Durante i primi giorni della loro lunga permanenza nella tendopoli, nessuno scambio con l’esterno è stato consentito: persino alla senatrice Anna Maria Carloni, che intendeva sincerarsi sulle condizioni interne del campo, non è stato permesso l’accesso. E per quale ragione? «Disposizioni sanitarie», rispondevano i responsabili.
Col passare dei giorni, però, la scusa delle disposizioni sanitarie non ha retto più: si è capito che il governo stava solo prendendo tempo, alle prese con una discussione al suo interno che rischiava di incrinarne la stabilità. Dopo il voltafaccia di tutti gli altri paesi europei, l’Italia si ritrovava ad affrontare da sola il problema di questa invasione pacifica ed improvvisa, che non poteva certo essere risolta con il «fora de bal» sancito da Umberto Bossi e dalla Lega.

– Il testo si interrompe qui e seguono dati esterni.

(* Let $\mathbf{F}$ be a finite field with $q$ elements, $0\le r\le n$, and $V_j=\operatorname{span}(b_1,\dots,b_j)\subseteq\mathbf{F}^n$ for the standard basis. Let $T_r\colon V_r\to V_n$ be a semi-idempotent partial linear map with domain $V_r$. For $0\le\ell\le n-r$ and $0\le j\le r$ define \[ h_\ell(j,T_r)=q^{\ell j}\sum_{\substack{S\colon V_{n-\ell}\to V_{n-\ell}\ \text{semi-idempotent}\\ \operatorname{rank}S\le j,\ S|_{V_r}=T_r}}\mu(\mathrm{srk}\,S)\binom{n-\ell-\operatorname{rank}S}{j-\operatorname{rank}S}_q . \] Then $h_\ell(j,T_r)$ does not depend on $\ell$.
   Context: A partial linear map on $V$ is a linear map from a subspace of $V$ to $V$; composition $T\circ S$ has domain $S^{-1}(\operatorname{dom}T)$. A partial linear map $T$ is semi-idempotent if for some $N$ it acts as the identity on $\operatorname{im}T^N$; for an operator $S\colon V\to V$ this means $V=X\oplus Y$ with $X,Y$ $S$-stable, $S|_X=\mathrm{id}$, $S|_Y$ nilpotent. The condition $S|_{V_r}=T_r$ means $S(v)=T_r(v)$ for $v\in V_r$ (so it forces $\operatorname{im}T_r\subseteq V_{n-\ell}$). $\mathrm{srk}\,S$ is the rank of $S^i$ for $i\gg0$. $\mu(i)=(-1)^iq^{\binom i2}$; $\binom ab_q$ is the $q$-binomial coefficient. *)

From HB Require Import structures.
From mathcomp Require Import all_boot all_order all_algebra all_field.
From mathcomp Require Import boolp.
Set Implicit Arguments. Unset Strict Implicit. Unset Printing Implicit Defensive.
Import GRing.Theory.
Local Open Scope ring_scope.

(* Partial maps on a type: v |-> Some (f v) if v in the domain, None otherwise. *)
Fixpoint ppow (X : Type) (f : X -> option X) (N : nat) (v : X) : option X :=
  match N with
  | 0 => Some v
  | N'.+1 => obind f (ppow f N' v)
  end.

Definition semi_idempotent (X : Type) (f : X -> option X) : Prop :=
  exists N : nat, forall v w, ppow f N v = Some w -> f w = Some w.
(* Let $\mathcal V\subseteq B(H)$ be an operator system and suppose $p\in\mathcal V$ is a projection in $B(H)$. Then for any $x\in\mathcal V$ with $x=x^*$, we have $pxp\ge0$ in $B(H)$ if and only if for every $\epsilon>0$ there exists $t>0$ such that $x+\epsilon p+t(I-p)\ge 0$. *)

From HB Require Import structures.
From mathcomp Require Import all_boot all_order all_algebra.
From mathcomp Require Import reals.
From mathcomp Require Import complex.
Set Implicit Arguments. Unset Strict Implicit. Unset Printing Implicit Defensive.
Import Order.TTheory GRing.Theory Num.Theory.
Local Open Scope ring_scope.
Local Open Scope complex_scope.

Section Hilbert.
Variables (R : realType) (H : lmodType R[i]) (ip : H -> H -> R[i]).

Definition is_inner_product : Prop :=
  [/\ forall (a : R[i]) (u v w : H), ip (a *: u + v) w = a * ip u w + ip v w,
      forall u v : H, ip u v = conjc (ip v u),
      forall u : H, 0 <= ip u u &
      forall u : H, ip u u = 0 -> u = 0].

Definition ipnorm (h : H) : R := Num.sqrt (complex.Re (ip h h)).

Definition ip_complete : Prop :=
  forall u : nat -> H,
    (forall e : R, 0 < e -> exists N, forall m n, (N <= m)%N -> (N <= n)%N ->
        ipnorm (u m - u n) < e) ->
    exists l : H, forall e : R, 0 < e -> exists N, forall n, (N <= n)%N ->
        ipnorm (u n - l) < e.

Definition is_hilbert : Prop := is_inner_product /\ ip_complete.

Definition bounded_op (T : H -> H) : Prop :=
  (forall (a : R[i]) (u v : H), T (a *: u + v) = a *: T u + T v) /\
  exists M : R, forall h : H, ipnorm (T h) <= M * ipnorm h.

Definition is_adjoint (T S : H -> H) : Prop :=
  forall u v : H, ip (T u) v = ip u (S v).

Definition selfadjoint (T : H -> H) : Prop := is_adjoint T T.

Definition op_pos (T : H -> H) : Prop := forall h : H, 0 <= ip (T h) h.

Definition projection (p : H -> H) : Prop :=
  bounded_op p /\ selfadjoint p /\ (forall h, p (p h) = p h).

Definition operator_system (V : (H -> H) -> Prop) : Prop :=
  (forall T, V T -> bounded_op T) /\
  V (fun h => h) /\
  V (fun _ => 0) /\
  (forall S T, V S -> V T -> V (fun h => S h + T h)) /\
  (forall (a : R[i]) T, V T -> V (fun h => a *: T h)) /\
  (forall T, V T -> exists S, V S /\ is_adjoint T S).
End Hilbert.

From HB Require Import structures.
From mathcomp Require Import all_boot all_order all_algebra.
From mathcomp Require Import reals complex.
From mathcomp Require Import lra.
Import Order.TTheory GRing.Theory Num.Theory.
Local Open Scope ring_scope.
Local Open Scope complex_scope.
Set Implicit Arguments. Unset Strict Implicit.

(* Write h = a + b with a = p h and b = h - p h.  These are orthogonal, so
   <(x + eps p + t (I - p)) h, h> = <x h, h> + eps |a|^2 + t |b|^2, and
   <x h, h> = <x a, a> + 2 Re <x a, b> + <x b, b>.  Since x is bounded,
   |<x w, w>| <= C |w|^2; applied to w = a + k b with k = 1 + C / eps this
   bounds the cross term by <x a, a>, eps |a|^2 and a multiple of |b|^2, so
   t = 2 C k + 1 makes the form nonnegative as soon as <x a, a> >= 0.
   Conversely, at h = p h the form reduces to <x p h, p h> + eps |p h|^2. *)

Lemma Re_realM (R : rcfType) (r : R) (z : R[i]) :
  complex.Re (r%:C * z) = r * complex.Re z.
Proof. by case: z => a b /=; rewrite mul0r subr0. Qed.

Lemma fixed_conjc_real (R : rcfType) (z : R[i]) : z^* = z -> z = (complex.Re z)%:C.
Proof. by case: z => a b [] Eb; rewrite /= (_ : b = 0) //; lra. Qed.

Lemma ge0_of_addM_ge0 (F : realFieldType) (r s : F) :
  0 <= s -> (forall eps, 0 < eps -> 0 <= r + eps * s) -> 0 <= r.
Proof.
move=> s_ge0 r_eps; apply/ler_addgt0Pr => e e_gt0.
have s1_gt0 : 0 < s + 1 by lra.
have d_gt0 : 0 < e / (s + 1) by rewrite divr_gt0.
have de : e / (s + 1) * (s + 1) = e by rewrite mulfVK ?gt_eqF.
have := r_eps _ d_gt0; lra.
Qed.

(* qa, c, qb: coefficients of a quadratic form on the span of orthogonal a, b
   with |a|^2 = A, |b|^2 = B; the last hypothesis is its bound -C |w|^2 at
   w = a + k b. *)
Lemma orthogonal_form_perturb_ge0 (F : realFieldType) (C eps qa qb c A B k : F) :
  0 <= C -> 0 <= qa -> 0 <= A -> 0 <= B -> qb <= C * B -> 1 <= k -> C <= k * eps ->
  - (C * (A + k ^+ 2 * B)) <= qa + k * c + k ^+ 2 * qb ->
  0 <= qa + c + qb + eps * A + (2 * C * k + 1) * B.
Proof.
move=> C_ge0 qa_ge0 A_ge0 B_ge0 qbC k_ge1 C_le hk.
have k_gt0 : 0 < k by lra.
suff : 0 <= k * (qa + c + qb + eps * A + (2 * C * k + 1) * B) by rewrite pmulr_rge0.
have h1 : 0 <= (k - 1) * qa by rewrite mulr_ge0 // subr_ge0.
have h2 : 0 <= (k ^+ 2 - k) * (C * B - qb) by rewrite mulr_ge0 // subr_ge0; nra.
have h3 : 0 <= (k * eps - C) * A by rewrite mulr_ge0 // subr_ge0.
have h4 : 0 <= (C * k + k) * B by rewrite mulr_ge0 //; nra.
lra.
Qed.

Section InnerProduct.
Variables (R : realType) (H : lmodType R[i]) (ip : H -> H -> R[i]).
Hypothesis ip_inner : is_inner_product ip.

Lemma ipDl u v w : ip (u + v) w = ip u w + ip v w.
Proof. by case: ip_inner => ipl _ _ _; rewrite -[u]scale1r ipl mul1r scale1r. Qed.

Lemma ip0l w : ip 0 w = 0.
Proof. by apply: (addrI (ip 0 w)); rewrite -ipDl !addr0. Qed.

Lemma ipZl a u w : ip (a *: u) w = a * ip u w.
Proof. by case: ip_inner => ipl _ _ _; rewrite -[a *: u]addr0 ipl ip0l addr0. Qed.

Lemma ipC u v : ip u v = (ip v u)^*.
Proof. by case: ip_inner. Qed.

Lemma ipDr u v w : ip u (v + w) = ip u v + ip u w.
Proof. by rewrite ipC ipDl rmorphD /= -!ipC. Qed.

Lemma ip0r w : ip w 0 = 0.
Proof. by rewrite ipC ip0l conjc0. Qed.

Lemma ipZr (r : R) u w : ip u (r%:C *: w) = r%:C * ip u w.
Proof. by rewrite ipC ipZl rmorphM /= -ipC /conjc /= oppr0. Qed.

Lemma ipBl u v w : ip (u - v) w = ip u w - ip v w.
Proof. by rewrite ipDl -scaleN1r ipZl mulN1r. Qed.

Lemma ipBr u v w : ip u (v - w) = ip u v - ip u w.
Proof. by rewrite ipC ipBl rmorphB /= -!ipC. Qed.

Definition qform (T : H -> H) (w : H) : R := complex.Re (ip (T w) w).

Lemma qform_id_ge0 w : 0 <= qform id w.
Proof. by case: ip_inner => _ _ /(_ w); rewrite lecE => /andP[]. Qed.

Lemma ge0_selfadjoint_qform T w :
  selfadjoint ip T -> (0 <= ip (T w) w) = (0 <= qform T w).
Proof. by move=> T_sa; rewrite [ip _ _]fixed_conjc_real ?ler0c // -ipC T_sa. Qed.

Lemma qformDZ T : {morph T : u v / u + v} -> (forall a, {morph T : u / a *: u}) ->
  forall u v (k : R), qform T (u + k%:C *: v) =
    qform T u + k * (complex.Re (ip (T u) v) + complex.Re (ip (T v) u)) + k ^+ 2 * qform T v.
Proof.
move=> TD TZ u v k; rewrite /qform TD TZ !ipDl !ipDr !ipZl !ipZr.
by rewrite !raddfD /= !Re_realM; lra.
Qed.

Lemma bounded_opD T : bounded_op ip T -> {morph T : u v / u + v}.
Proof. by case=> T_lin _ u v; rewrite -[u]scale1r T_lin !scale1r. Qed.

Lemma bounded_opZ T : bounded_op ip T -> forall a, {morph T : u / a *: u}.
Proof.
move=> T_bd a u; have T0 : T 0 = 0.
  by apply: (addrI (T 0)); rewrite -bounded_opD // !addr0.
by case: T_bd => T_lin _; rewrite -[a *: u]addr0 T_lin T0 addr0.
Qed.

Lemma bounded_opB T : bounded_op ip T -> forall u v, T (u - v) = T u - T v.
Proof. by move=> T_bd u v; rewrite bounded_opD // -scaleN1r bounded_opZ // scaleN1r. Qed.

Lemma selfadjoint_qform_bounded x : bounded_op ip x -> selfadjoint ip x ->
  exists2 C, 0 <= C & forall w, `|qform x w| <= C * qform id w.
Proof.
move=> x_bd x_sa; have [_ [M xM]] := x_bd.
exists (M ^+ 2 + 1); first by rewrite addr_ge0 ?sqr_ge0.
move=> w; have w_ge0 := qform_id_ge0 w.
have xw_le : qform id (x w) <= M ^+ 2 * qform id w.
  rewrite -ler_sqrt; last by rewrite mulr_ge0 ?sqr_ge0.
  rewrite (sqrtrM _ (sqr_ge0 M)) sqrtr_sqr.
  exact: le_trans (xM w) (ler_wpM2r (sqrtr_ge0 _) (ler_norm M)).
have expand k : qform id (x w + k%:C *: w) =
    qform id (x w) + k * (2 * qform x w) + k ^+ 2 * qform id w.
  by rewrite qformDZ //= -x_sa mulr2n mulrDl mul1r.
have := qform_id_ge0 (x w + 1%:C *: w); have := qform_id_ge0 (x w + (-1)%:C *: w).
rewrite !expand ler_norml; lra.
Qed.

Section Compression.
Variables (x p : H -> H).
Hypotheses (x_bounded : bounded_op ip x) (x_sa : selfadjoint ip x).
Hypothesis p_proj : projection ip p.

Definition perturb (eps t : R) (h : H) : H := x h + eps%:C *: p h + t%:C *: (h - p h).

Lemma p_sa : selfadjoint ip p. Proof. by case: p_proj => _ []. Qed.

Lemma p_idem h : p (p h) = p h. Proof. by case: p_proj => _ []. Qed.

Lemma p_compl h : p (h - p h) = 0.
Proof. by case: p_proj => p_bd _; rewrite bounded_opB // p_idem subrr. Qed.

Lemma selfadjoint_perturb eps t : selfadjoint ip (perturb eps t).
Proof. by move=> u v; rewrite /perturb !ipDl !ipZl !ipBl !ipDr !ipZr !ipBr x_sa p_sa. Qed.

Lemma qform_perturb eps t h :
  qform (perturb eps t) h = qform x h + eps * qform id (p h) + t * qform id (h - p h).
Proof.
have ph_h : ip (p h) h = ip (p h) (p h) by rewrite -{1}p_idem p_sa.
have b_h : ip (h - p h) h = ip (h - p h) (h - p h).
  by rewrite [in RHS]ipBr -p_sa p_compl ip0l subr0.
by rewrite {1}/qform /perturb ipDl ipDl !ipZl !raddfD /= !Re_realM ph_h b_h.
Qed.

Lemma op_pos_perturb_of_compress : op_pos ip (fun h => p (x (p h))) ->
  forall eps, 0 < eps -> exists t, 0 < t /\ op_pos ip (perturb eps t).
Proof.
move=> pxp_ge0 eps eps_gt0.
have [C C_ge0 xC] := selfadjoint_qform_bounded x_bounded x_sa.
pose k := 1 + C / eps.
have k_ge1 : 1 <= k by rewrite lerDl divr_ge0 // ltW.
have C_le : C <= k * eps by rewrite mulrDl mul1r mulfVK ?gt_eqF // lerDr ltW.
exists (2 * C * k + 1); split=> [|h].
  by rewrite ltr_wpDl // !mulr_ge0 // (le_trans ler01 k_ge1).
have qa_ge0 : 0 <= qform x (p h) by rewrite -ge0_selfadjoint_qform // -p_sa.
rewrite ge0_selfadjoint_qform; last exact: selfadjoint_perturb.
rewrite qform_perturb.
have ab0 : ip (p h) (h - p h) = 0 by rewrite p_sa p_compl ip0r.
have ba0 : ip (h - p h) (p h) = 0 by rewrite -p_sa p_compl ip0l.
have [xD xZ] := (bounded_opD x_bounded, bounded_opZ x_bounded).
have h_split : h = p h + 1%:C *: (h - p h) by rewrite scale1r addrC subrK.
rewrite {1}h_split qformDZ // mul1r expr1n mul1r.
apply: (orthogonal_form_perturb_ge0 C_ge0 qa_ge0 (qform_id_ge0 _) (qform_id_ge0 _)) => //.
  by have := xC (h - p h); rewrite ler_norml => /andP[].
have := xC (p h + k%:C *: (h - p h)); rewrite ler_norml => /andP[+ _].
by rewrite !qformDZ // ab0 ba0 /= addr0 mulr0 addr0.
Qed.

Lemma compress_op_pos_of_perturb :
  (forall eps, 0 < eps -> exists t, 0 < t /\ op_pos ip (perturb eps t)) ->
  op_pos ip (fun h => p (x (p h))).
Proof.
move=> pert_ge0 h /=; rewrite p_sa ge0_selfadjoint_qform //.
apply: (ge0_of_addM_ge0 (qform_id_ge0 (p h))) => eps eps_gt0.
have [t [_ /(_ (p h))]] := pert_ge0 eps eps_gt0.
rewrite /perturb p_idem subrr scaler0 addr0 lecE => /andP[_].
by rewrite ipDl ipZl raddfD /= Re_realM.
Qed.

End Compression.
End InnerProduct.

Theorem lemma4p5 (R : realType) (H : lmodType R[i]) (ip : H -> H -> R[i])
  (hH : is_hilbert ip) (V : (H -> H) -> Prop) (hV : operator_system ip V)
  (p : H -> H) (pV : V p) (hp : projection ip p)
  (x : H -> H) (xV : V x) (hx : selfadjoint ip x) :
  op_pos ip (fun h => p (x (p h))) <->
  (forall eps : R, 0 < eps -> exists t : R, 0 < t /\
     op_pos ip (fun h => x h + eps%:C *: p h + t%:C *: (h - p h))).
Proof.
have [[ip_inner _] [op_bounded _]] := (hH, hV).
split; first exact: op_pos_perturb_of_compress (op_bounded _ xV) hx hp.
exact: compress_op_pos_of_perturb.
Qed.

L’allestimento affidato alla Croce Rossa è risultato perfettamente in grado di adattarsi con rapidità all’emergenza: inizialmente predisposto ad accogliere ottocento persone, con cento tende da otto brande ciascuna, è stato ampliato per più della metà nel giro di poche ore. Ai volontari è stata affidata la direzione amministrativa del campo e l’assistenza. «Abbiamo impiegato più di cento persone – dice Francesco Cimmino, referente per la comunicazione della Croce rossa italiana Campania – con quaranta operatori fissi per volta, organizzati in turni. Accogliere un numero maggiore di persone ha comportato solo un adeguamento delle strutture, che in ogni caso eravamo già pronti ad affrontare». L’attività dei volontari è stata quindi tutta tesa a rendere il più confortevole possibile il soggiorno obbligato dei profughi nordafricani: tre pasti al giorno, distribuiti in tre grandi tende capaci di ospitare fino a quattrocento persone, la possibilità di utilizzare bagni allacciati alle fognature e provvisti di docce, visite mediche da parte dei sanitari dell’Asl con due presidi, uno fisso ed uno mobile. Un carico di vestiti contraffatti, sequestrati dalla Guardia di Finanza, è stato destinato ai profughi. «Ad un certo punto – racconta Cimmino – si è sparsa la notizia di cibo avariato distribuito agli immigrati. In realtà si trattava semplicemente di cibo condito con aceto, pietanza che in Tunisia e in Marocco non si è soliti usare.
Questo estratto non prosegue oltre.